■ Your instructions ■
Print every entry again, precisely as written.

┌────────

Lemma low_iso_edge_uniq l1 l2 g : l1 \in low_iso -> l2 \in low_iso ->
  g \in M -> l1 \in g -> l2 \in g -> l1 = l2.
Proof.
move=> h1 h2 gM i1 i2; case: (edge_through simpleM gM i1) => v [eg a].
move: i2; rewrite eg !inE => /orP [/eqP -> //|/eqP ev].
case: (low_iso_nbr h1 a) => _ xv _; case: (low_isoP h2) => _ _ _ x2 _.
by move: xv; rewrite -ev => xv; move: (lt_trans xv x2); rewrite ltxx.
Qed.

(* A low vertex of [VT] was not pruned, so it is not a leaf of [M]. *)
Lemma low_iso_degree l : l \in low_iso -> (2 <= degree M l)%N.
Proof.
move=> lLo; case: (low_isoP lLo) => lVC _ lVT lx _.
have d0 := degreeM_gt0 lVC.
have : degree M l != 1%N.
  apply/eqP => d1; move: lVT; rewrite /VT in_setD => /andP [/negP nL _]; apply: nL.
  by rewrite /low_leaves inE lVC d1 eqxx lx.
by case: (degree M l) d0 => [|[|n]].
Qed.

Lemma low_nbrsP v : v \in low_nbrs -> exists2 l, l \in low_iso & adj M l v.
Proof. by rewrite inE => /existsP [l /andP [? ?]]; exists l. Qed.

Lemma low_nbrs_high : [set v in low_nbrs | isolated v] \subset high_iso.
Proof.
apply/subsetP => v; rewrite inE => /andP [vNb iv]; case: (low_nbrsP vNb) => l lLo a.
case: (low_iso_nbr lLo a) => vVC xv tv.
have nx : ~~ (x v < 1/2) by rewrite -leNgt; apply: ltW.
by rewrite /high_iso /isolated_VT !inE vVC iv tv andbT /= nx /= (negbTE nx) andbF.
Qed.

Lemma low_nbr_roots_sub : low_nbr_roots \subset nonisolated_roots.
Proof.
apply/subsetP => j /imsetP [v vN ->]; apply: imset_f.
move: vN; rewrite inE => /andP [vNb nv]; case: (low_nbrsP vNb) => l lLo a.
by case: (low_iso_nbr lLo a) => vVC _ _; rewrite inE vVC nv.
Qed.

└────────

■ Exercise output ■
Lemma low_iso_edge_uniq l1 l2 g : l1 \in low_iso -> l2 \in low_iso ->
  g \in M -> l1 \in g -> l2 \in g -> l1 = l2.
Proof.
move=> h1 h2 gM i1 i2; case: (edge_through simpleM gM i1) => v [eg a].
move: i2; rewrite eg !inE => /orP [/eqP -> //|/eqP ev].
case: (low_iso_nbr h1 a) => _ xv _; case: (low_isoP h2) => _ _ _ x2 _.
by move: xv; rewrite -ev => xv; move: (lt_trans xv x2); rewrite ltxx.
Qed.

(* A low vertex of [VT] was not pruned, so it is not a leaf of [M]. *)
Lemma low_iso_degree l : l \in low_iso -> (2 <= degree M l)%N.
Proof.
move=> lLo; case: (low_isoP lLo) => lVC _ lVT lx _.
have d0 := degreeM_gt0 lVC.
have : degree M l != 1%N.
  apply/eqP => d1; move: lVT; rewrite /VT in_setD => /andP [/negP nL _]; apply: nL.
  by rewrite /low_leaves inE lVC d1 eqxx lx.
by case: (degree M l) d0 => [|[|n]].
Qed.

Lemma low_nbrsP v : v \in low_nbrs -> exists2 l, l \in low_iso & adj M l v.
Proof. by rewrite inE => /existsP [l /andP [? ?]]; exists l. Qed.

Lemma low_nbrs_high : [set v in low_nbrs | isolated v] \subset high_iso.
Proof.
apply/subsetP => v; rewrite inE => /andP [vNb iv]; case: (low_nbrsP vNb) => l lLo a.
case: (low_iso_nbr lLo a) => vVC xv tv.
have nx : ~~ (x v < 1/2) by rewrite -leNgt; apply: ltW.
by rewrite /high_iso /isolated_VT !inE vVC iv tv andbT /= nx /= (negbTE nx) andbF.
Qed.

Lemma low_nbr_roots_sub : low_nbr_roots \subset nonisolated_roots.
Proof.
apply/subsetP => j /imsetP [v vN ->]; apply: imset_f.
move: vN; rewrite inE => /andP [vNb nv]; case: (low_nbrsP vNb) => l lLo a.
by case: (low_iso_nbr lLo a) => vVC _ _; rewrite inE vVC nv.
Qed.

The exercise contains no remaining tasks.